(* Let $0\neq h\in\mathbb{F}[x]$, regard $A_h\subseteq A_1$ via $x\mapsto x$, $\hat y\mapsto yh$, and let $C_{A_h}(x)=\{a\in A_h: ax=xa\}$. (i) If $\mathrm{char}(\mathbb{F})=0$, then $C_{A_h}(x)=\mathbb{F}[x]$. (ii) If $\mathrm{char}(\mathbb{F})=p>0$, then: (a) $C_{A_h}(x)=\mathbb{F}[x,h^py^p]=\bigoplus_{i\equiv 0 \bmod p}\mathbb{F}[x]\,h^iy^i$; (b) $[x,A_h]=\bigoplus_{i\not\equiv -1\bmod p}h\,\mathbb{F}[x]\,h^iy^i=\bigoplus_{i=0}^{p-2}h\,C_{A_h}(x)\,h^iy^i$; (c) $[\hat y,A_h]=\bigoplus_{i\ge0}\mathrm{im}\!\left(\tfrac{d}{dx}\right)h\,\hat y^i=\bigoplus_{j\not\equiv -1\bmod p}h x^j\,\mathbb{F}[\hat y]$, where $\mathrm{im}(\tfrac{d}{dx})\subseteq\mathbb{F}[x]$ is the image of formal differentiation.
   Context: For $h\in\mathbb{F}[x]$, $A_h$ is the unital associative $\mathbb{F}$-algebra generated by $x,\hat y$ with defining relation $\hat yx-x\hat y=h$. $A_1$ is the Weyl algebra, generated by $x,y$ with $yx-xy=1$; for $h\ne0$, $x\mapsto x,\ \hat y\mapsto yh$ embeds $A_h$ into $A_1$. For $b\in A_h$, $[b,A_h]=\{ba-ab:a\in A_h\}$. *)

From HB Require Import structures.
From mathcomp Require Import all_boot all_order all_algebra.
Set Implicit Arguments. Unset Strict Implicit. Unset Printing Implicit Defensive.
Import Order.TTheory GRing.Theory Num.Theory.
Local Open Scope ring_scope.

(* The Weyl algebra A_1 over a field F, represented by normal forms:
   an element sum_i f_i(x) y^i (f_i in F[x]) is the polynomial in an outer
   variable (standing for y) with coefficients f_i : {poly F}.
   'X : {poly {poly F}} is y;  f%:P is the element f(x) of F[x] ⊆ A_1. *)
Notation weyl F := {poly {poly F}}.

(* Normal-ordered product, from  y^i g = sum_k C(i,k) g^(k) y^(i-k):
   (f y^i)(g y^j) = sum_{k<=i} C(i,k) f g^(k) y^(i+j-k). *)
Definition wmul (F : fieldType) (a b : weyl F) : weyl F :=
  \sum_(i < size a) \sum_(j < size b) \sum_(k < i.+1)
     ('C(i, k)%:R * a`_i * (b`_j)^`(k)) *: 'X^(i + j - k).

Definition wone (F : fieldType) : weyl F := 1.
Definition wexp (F : fieldType) (a : weyl F) (n : nat) : weyl F :=
  iter n (wmul a) (wone F).

Definition wx (F : fieldType) : weyl F := ('X : {poly F})%:P.
Definition wy (F : fieldType) : weyl F := 'X.
Definition yhat (F : fieldType) (h : {poly F}) : weyl F := wmul (wy F) h%:P.

Inductive subalg_gen (F : fieldType) (S : weyl F -> Prop) : weyl F -> Prop :=
| sg_gen a : S a -> subalg_gen S a
| sg_const c : subalg_gen S (c%:P%:P)
| sg_add a b : subalg_gen S a -> subalg_gen S b -> subalg_gen S (a + b)
| sg_mul a b : subalg_gen S a -> subalg_gen S b -> subalg_gen S (wmul a b).

Definition in_Ah (F : fieldType) (h : {poly F}) : weyl F -> Prop :=
  subalg_gen (fun a => a = wx F \/ a = yhat h).

Definition in_CAhx (F : fieldType) (h : {poly F}) (a : weyl F) : Prop :=
  in_Ah h a /\ wmul a (wx F) = wmul (wx F) a.

Definition in_comm (F : fieldType) (h : {poly F}) (b c : weyl F) : Prop :=
  exists a, in_Ah h a /\ c = wmul b a - wmul a b.

From HB Require Import structures.
From mathcomp Require Import all_boot all_order all_algebra.
From mathcomp Require Import ring zify.
Import Order.TTheory GRing.Theory Num.Theory.
Local Open Scope ring_scope.
Set Implicit Arguments. Unset Strict Implicit. Unset Printing Implicit Defensive.

(* Left multiplication by y acts as b |-> 'X * b + d b / dx
     (ymul); hence the product is a b = sum_i a_i (y^i b), which gives
     bilinearity, associativity and the key identity a x = x a + d a / dy.
   - The image of A_h is the set of normal forms with h^i | a_i (h_graded):
     this set is a subalgebra containing x and yhat = h y + h', and conversely
     the powers yhat^n (degree n, leading coefficient h^n) triangularly span it.
   - Hence C_{A_h}(x) = {a h-graded | d a / dy = 0} and [x, A_h] = d A_h / dy.
     In characteristic 0 the kernel of d/dy is F[x]  (part (i)); in
     characteristic p it consists of the p-sparse normal forms, y^p is central,
     and the descriptions (ii)(a), (ii)(b) follow by coefficient bookkeeping.
   - yhat commutes with its powers and [yhat, f] = h f', so
     [yhat, sum_i f_i yhat^i] = sum_i h f_i' yhat^i, giving (ii)(c) once the
     image of d/dx in characteristic p is identified. *)

Section NormalForms.
Variable F : fieldType.
Implicit Types (a b c : weyl F) (f g : {poly F}).

Definition xderiv b : weyl F := map_poly deriv b.

Lemma coef_xderiv b m : (xderiv b)`_m = (b`_m)^`().
Proof. exact: coef_map. Qed.

Lemma size_xderiv b : (size (xderiv b) <= size b)%N.
Proof. by apply/leq_sizeP=> m lebm; rewrite coef_xderiv nth_default ?deriv0. Qed.

(* Left multiplication by y on normal forms: y * b = 'X * b + xderiv b,
   since y f = f y + f' in A_1. *)
Definition ymul b : weyl F := 'X * b + xderiv b.

Fact ymul_is_nmod_morphism : nmod_morphism ymul.
Proof.
split=> [|b c]; first by rewrite /ymul /xderiv raddf0 mulr0 addr0.
by rewrite /ymul /xderiv raddfD mulrDr addrACA.
Qed.
HB.instance Definition _ :=
  GRing.isNmodMorphism.Build (weyl F) (weyl F) ymul ymul_is_nmod_morphism.

Definition ymuln n b : weyl F := iter n ymul b.

Fact ymuln_is_nmod_morphism n : nmod_morphism (ymuln n).
Proof.
split=> [|b c]; elim: n => //= n IH; first by rewrite IH raddf0.
by rewrite IH raddfD.
Qed.
HB.instance Definition _ n :=
  GRing.isNmodMorphism.Build (weyl F) (weyl F) (ymuln n)
    (ymuln_is_nmod_morphism n).

Lemma ymulZ f b : ymul (f *: b) = f *: ymul b + f^`() *: b.
Proof.
apply/polyP=> m; rewrite /ymul !(coefD, coefZ, coef_xderiv, coefXM, derivM).
by case: eqP => _; ring.
Qed.

Lemma ymul_Xn n : ymul ('X^n : weyl F) = 'X^(n.+1).
Proof.
rewrite /ymul exprS; have -> : xderiv ('X^n : weyl F) = 0.
  by apply/polyP=> m; rewrite coef_xderiv coef0 coefXn; case: eqP; rewrite derivC.
by rewrite addr0.
Qed.

Lemma ymuln_Xn i j : ymuln i ('X^j : weyl F) = 'X^(i + j).
Proof. by elim: i => //= i IH; rewrite IH ymul_Xn. Qed.

Lemma ymuln_mono i g j : ymuln i (g *: 'X^j) =
  \sum_(k < i.+1) (g^`(k) *+ 'C(i, k)) *: 'X^(j + (i - k)).
Proof.
elim: i => [|i IH]; first by rewrite big_ord_recl big_ord0 addr0 /= mulr1n addn0.
rewrite /= -/(ymuln i _) IH raddf_sum /=.
under eq_bigr => k _ do rewrite ymulZ ymul_Xn derivMn -derivnS.
rewrite big_split /= [in RHS]big_ord_recl /= subn0 bin0 mulr1n.
under [in RHS]eq_bigr => k _ do rewrite /= subSS binS mulrnDr scalerDl.
rewrite big_split /= addrA; congr (_ + _).
rewrite big_ord_recl /= subn0 bin0 mulr1n addnS; congr (_ + _).
rewrite big_ord_recr /= bin_small // mulr0n scale0r addr0.
by apply: eq_bigr => k _ /=; rewrite -addnS subnSK.
Qed.

Lemma poly_expand b : b = \sum_(j < size b) b`_j *: 'X^j.
Proof. by rewrite -poly_def coefK. Qed.

Lemma wmulE a b : wmul a b = \sum_(i < size a) a`_i *: ymuln i b.
Proof.
rewrite /wmul; apply: eq_bigr => i _.
have -> : ymuln i b = \sum_(j < size b) ymuln i (b`_j *: 'X^j).
  by rewrite -raddf_sum -poly_expand.
rewrite scaler_sumr; apply: eq_bigr => j _.
rewrite ymuln_mono scaler_sumr; apply: eq_bigr => k _.
rewrite scalerA addnC -addnBA; last by rewrite -ltnS.
by congr (_ *: _); rewrite -mulr_natl; ring.
Qed.

Lemma wmulEN N a b : (size a <= N)%N ->
  wmul a b = \sum_(i < N) a`_i *: ymuln i b.
Proof.
move=> leaN; rewrite wmulE (big_ord_widen N (fun i => a`_i *: ymuln i b) leaN).
rewrite big_mkcond /=; apply: eq_bigr => i _.
by case: ltnP => // /(nth_default 0) ->; rewrite scale0r.
Qed.

Fact wmul_is_nmod_morphism a : nmod_morphism (wmul a).
Proof.
split=> [|b c]; rewrite !wmulE; first by rewrite big1 // => i _; rewrite raddf0 scaler0.
by rewrite -big_split; apply: eq_bigr => i _; rewrite raddfD scalerDr.
Qed.
HB.instance Definition _ a :=
  GRing.isNmodMorphism.Build (weyl F) (weyl F) (wmul a) (wmul_is_nmod_morphism a).

Lemma wmulDl a1 a2 b : wmul (a1 + a2) b = wmul a1 b + wmul a2 b.
Proof.
have le1 : (size a1 <= size a1 + size a2)%N by rewrite leq_addr.
have le2 : (size a2 <= size a1 + size a2)%N by rewrite leq_addl.
have le12 : (size (a1 + a2)%R <= size a1 + size a2)%N.
  by apply: leq_trans (size_polyD _ _) _; rewrite geq_max le1 le2.
rewrite !(wmulEN _ le12) (wmulEN _ le1) (wmulEN _ le2) -big_split /=.
by apply: eq_bigr => i _; rewrite coefD scalerDl.
Qed.

Lemma wmulZl f a b : wmul (f *: a) b = f *: wmul a b.
Proof.
rewrite (wmulEN _ (size_scale_leq f a)) wmulE scaler_sumr.
by apply: eq_bigr => i _; rewrite coefZ scalerA.
Qed.

Lemma wmulNl a b : wmul (- a) b = - wmul a b.
Proof. by rewrite -scaleN1r wmulZl scaleN1r. Qed.

Lemma wmulBl a1 a2 b : wmul (a1 - a2) b = wmul a1 b - wmul a2 b.
Proof. by rewrite wmulDl wmulNl. Qed.

Lemma wmul0l b : wmul 0 b = 0.
Proof. by rewrite wmulE size_poly0 big_ord0. Qed.

Lemma wmul_suml I (r : seq I) (P : pred I) (G : I -> weyl F) b :
  wmul (\sum_(i <- r | P i) G i) b = \sum_(i <- r | P i) wmul (G i) b.
Proof. exact: (big_morph (fun a => wmul a b) (fun x y => wmulDl x y b) (wmul0l b)). Qed.

Lemma wmul_mono f n b : wmul (f *: 'X^n) b = f *: ymuln n b.
Proof.
have le_n1 : (size (f *: 'X^n : weyl F) <= n.+1)%N.
  by apply: leq_trans (size_scale_leq _ _) _; rewrite size_polyXn.
rewrite (wmulEN _ le_n1) big_ord_recr /= coefZ coefXn eqxx mulr1 big1 ?add0r //.
by move=> i _; rewrite coefZ coefXn (ltn_eqF (ltn_ord i)) mulr0 scale0r.
Qed.

Lemma wmulCl f b : wmul f%:P b = f *: b.
Proof. by rewrite -[f%:P]mulr1 mul_polyC -(expr0 ('X : weyl F)) wmul_mono. Qed.

Lemma wmul1l b : wmul 1 b = b.
Proof. by rewrite -polyC1 wmulCl scale1r. Qed.

Lemma wmul_Xnr c i : wmul c 'X^i = c * 'X^i.
Proof.
rewrite wmulE [in RHS](poly_expand c) mulr_suml; apply: eq_bigr => j _.
by rewrite ymuln_Xn exprD scalerAl.
Qed.

Lemma wmul1r a : wmul a 1 = a.
Proof. by rewrite -(expr0 'X) wmul_Xnr mulr1. Qed.

Lemma wmul_ymul a c : wmul (ymul a) c = ymul (wmul a c).
Proof.
rewrite [ymul a]/ymul wmulDl.
have -> : 'X * a = \sum_(i < size a) a`_i *: 'X^(i.+1).
  by rewrite {1}(poly_expand a) mulr_sumr; apply: eq_bigr => i _; rewrite -scalerAr exprS.
rewrite wmul_suml (wmulEN _ (size_xderiv a)) [in RHS]wmulE raddf_sum -big_split /=.
by apply: eq_bigr => i _; rewrite wmul_mono ymulZ coef_xderiv.
Qed.

Lemma wmulA a b c : wmul (wmul a b) c = wmul a (wmul b c).
Proof.
have wmul_ymuln n d : wmul (ymuln n d) c = ymuln n (wmul d c).
  by elim: n => //= n IH; rewrite wmul_ymul IH.
rewrite [wmul a b]wmulE wmul_suml [in RHS]wmulE; apply: eq_bigr => i _.
by rewrite wmulZl wmul_ymuln.
Qed.

Lemma wmul_x a : wmul a (wx F) = wmul (wx F) a + a^`().
Proof.
have ymuln_x i : ymuln i (wx F) = 'X *: 'X^i + ('X^i)^`().
  elim: i => [|i IH]; first by rewrite /= derivC addr0 -mul_polyC mulr1.
  rewrite /= -/(ymuln i _) IH raddfD /= ymulZ ymul_Xn derivX scale1r.
  case: i {IH} => [|n]; first by rewrite !derivXn /= mulr0n raddf0 addr0 mulr1n.
  rewrite !derivXn /= -scaler_nat ymulZ ymul_Xn derivMn derivC mul0rn scale0r.
  by rewrite addr0 scaler_nat -addrA -mulrS.
rewrite /wx wmulCl wmulE.
transitivity ('X *: \sum_(j < size a) a`_j *: 'X^j + (\sum_(j < size a) a`_j *: 'X^j)^`());
  last by rewrite -poly_expand.
rewrite (raddf_sum (@deriv _)) scaler_sumr -big_split /=.
by apply: eq_bigr => i _; rewrite ymuln_x scalerDr derivZ !scalerA mulrC.
Qed.

End NormalForms.

Section ImageOfAh.
Variables (F : fieldType) (h : {poly F}).
Implicit Types (a b c : weyl F) (f g : {poly F}).

Definition h_graded a := forall i, h ^+ i %| a`_i.

(* Left multiplication by y^s turns h_graded into "h^(m-s) divides the
   m-th coefficient". *)
Definition h_graded_shift s b := forall m, h ^+ (m - s) %| b`_m.

Lemma dvdp_deriv_exp n g : h ^+ n %| g -> h ^+ n.-1 %| g^`().
Proof.
case: n => [_|n /dvdpP[q ->]] /=; first by rewrite expr0 dvd1p.
rewrite derivM deriv_exp; apply: dvdp_add; first exact/dvdp_mull/dvdp_exp2l.
by rewrite -mulr_natl mulrA; apply: dvdp_mull; exact: dvdp_mull (dvdpp _).
Qed.

Lemma h_graded_ymuln i b : h_graded b -> h_graded_shift i (ymuln i b).
Proof.
move=> hb; elim: i => [|i IH] m; first by rewrite subn0.
rewrite /= /ymul coefD coefXM coef_xderiv; apply: dvdp_add.
  by case: m => [|m] /=; [exact: dvdp0 | rewrite subSS].
by rewrite subnS; apply: dvdp_deriv_exp.
Qed.

Lemma h_graded0 : h_graded 0.
Proof. by move=> i; rewrite coef0 dvdp0. Qed.

Lemma h_gradedD a b : h_graded a -> h_graded b -> h_graded (a + b).
Proof. by move=> ha hb i; rewrite coefD dvdp_add. Qed.

Lemma h_gradedZ f a : h_graded a -> h_graded (f *: a).
Proof. by move=> ha i; rewrite coefZ dvdp_mull. Qed.

Lemma h_gradedB a b : h_graded a -> h_graded b -> h_graded (a - b).
Proof. by move=> ha hb; rewrite -scaleN1r; apply/h_gradedD/h_gradedZ. Qed.

Lemma h_graded_sum I (r : seq I) (P : pred I) (G : I -> weyl F) :
  (forall i, P i -> h_graded (G i)) -> h_graded (\sum_(i <- r | P i) G i).
Proof. by move=> hG; apply: big_ind => //; [exact: h_graded0 | exact: h_gradedD]. Qed.

Lemma h_gradedC f : h_graded f%:P.
Proof. by case=> [|i]; rewrite coefC /= ?dvd1p ?dvdp0. Qed.

(* Divisibility adds up along the product, so h_graded is multiplicative. *)
Lemma h_graded_wmul a b : h_graded a -> h_graded b -> h_graded (wmul a b).
Proof.
move=> ha hb; rewrite wmulE; apply: h_graded_sum => i _ m; rewrite coefZ.
have le_m : (m <= i + (m - i))%N by rewrite -leq_subLR.
apply: dvdp_trans (dvdp_exp2l h le_m) _; rewrite exprD.
by apply: dvdp_mul => //; apply: h_graded_ymuln.
Qed.

Lemma yhatE : yhat h = h *: 'X + (h^`())%:P.
Proof.
rewrite /yhat /wy -[X in wmul X](scale1r _) -[X in _ *: X]expr1 wmul_mono scale1r.
by rewrite /= /ymul /xderiv map_polyC /= mulrC mul_polyC.
Qed.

————————

● Aim of the exercise
Go to the line with "Variable F : fieldType." in the entries above and repeat every line from there through the line with "Proof. by apply/leq_sizeP=>", exactly and with no other text.

● Task response
Variable F : fieldType.
Implicit Types (a b c : weyl F) (f g : {poly F}).

Definition xderiv b : weyl F := map_poly deriv b.

Lemma coef_xderiv b m : (xderiv b)`_m = (b`_m)^`().
Proof. exact: coef_map. Qed.

Lemma size_xderiv b : (size (xderiv b) <= size b)%N.
Proof. by apply/leq_sizeP=> m lebm; rewrite coef_xderiv nth_default ?deriv0. Qed.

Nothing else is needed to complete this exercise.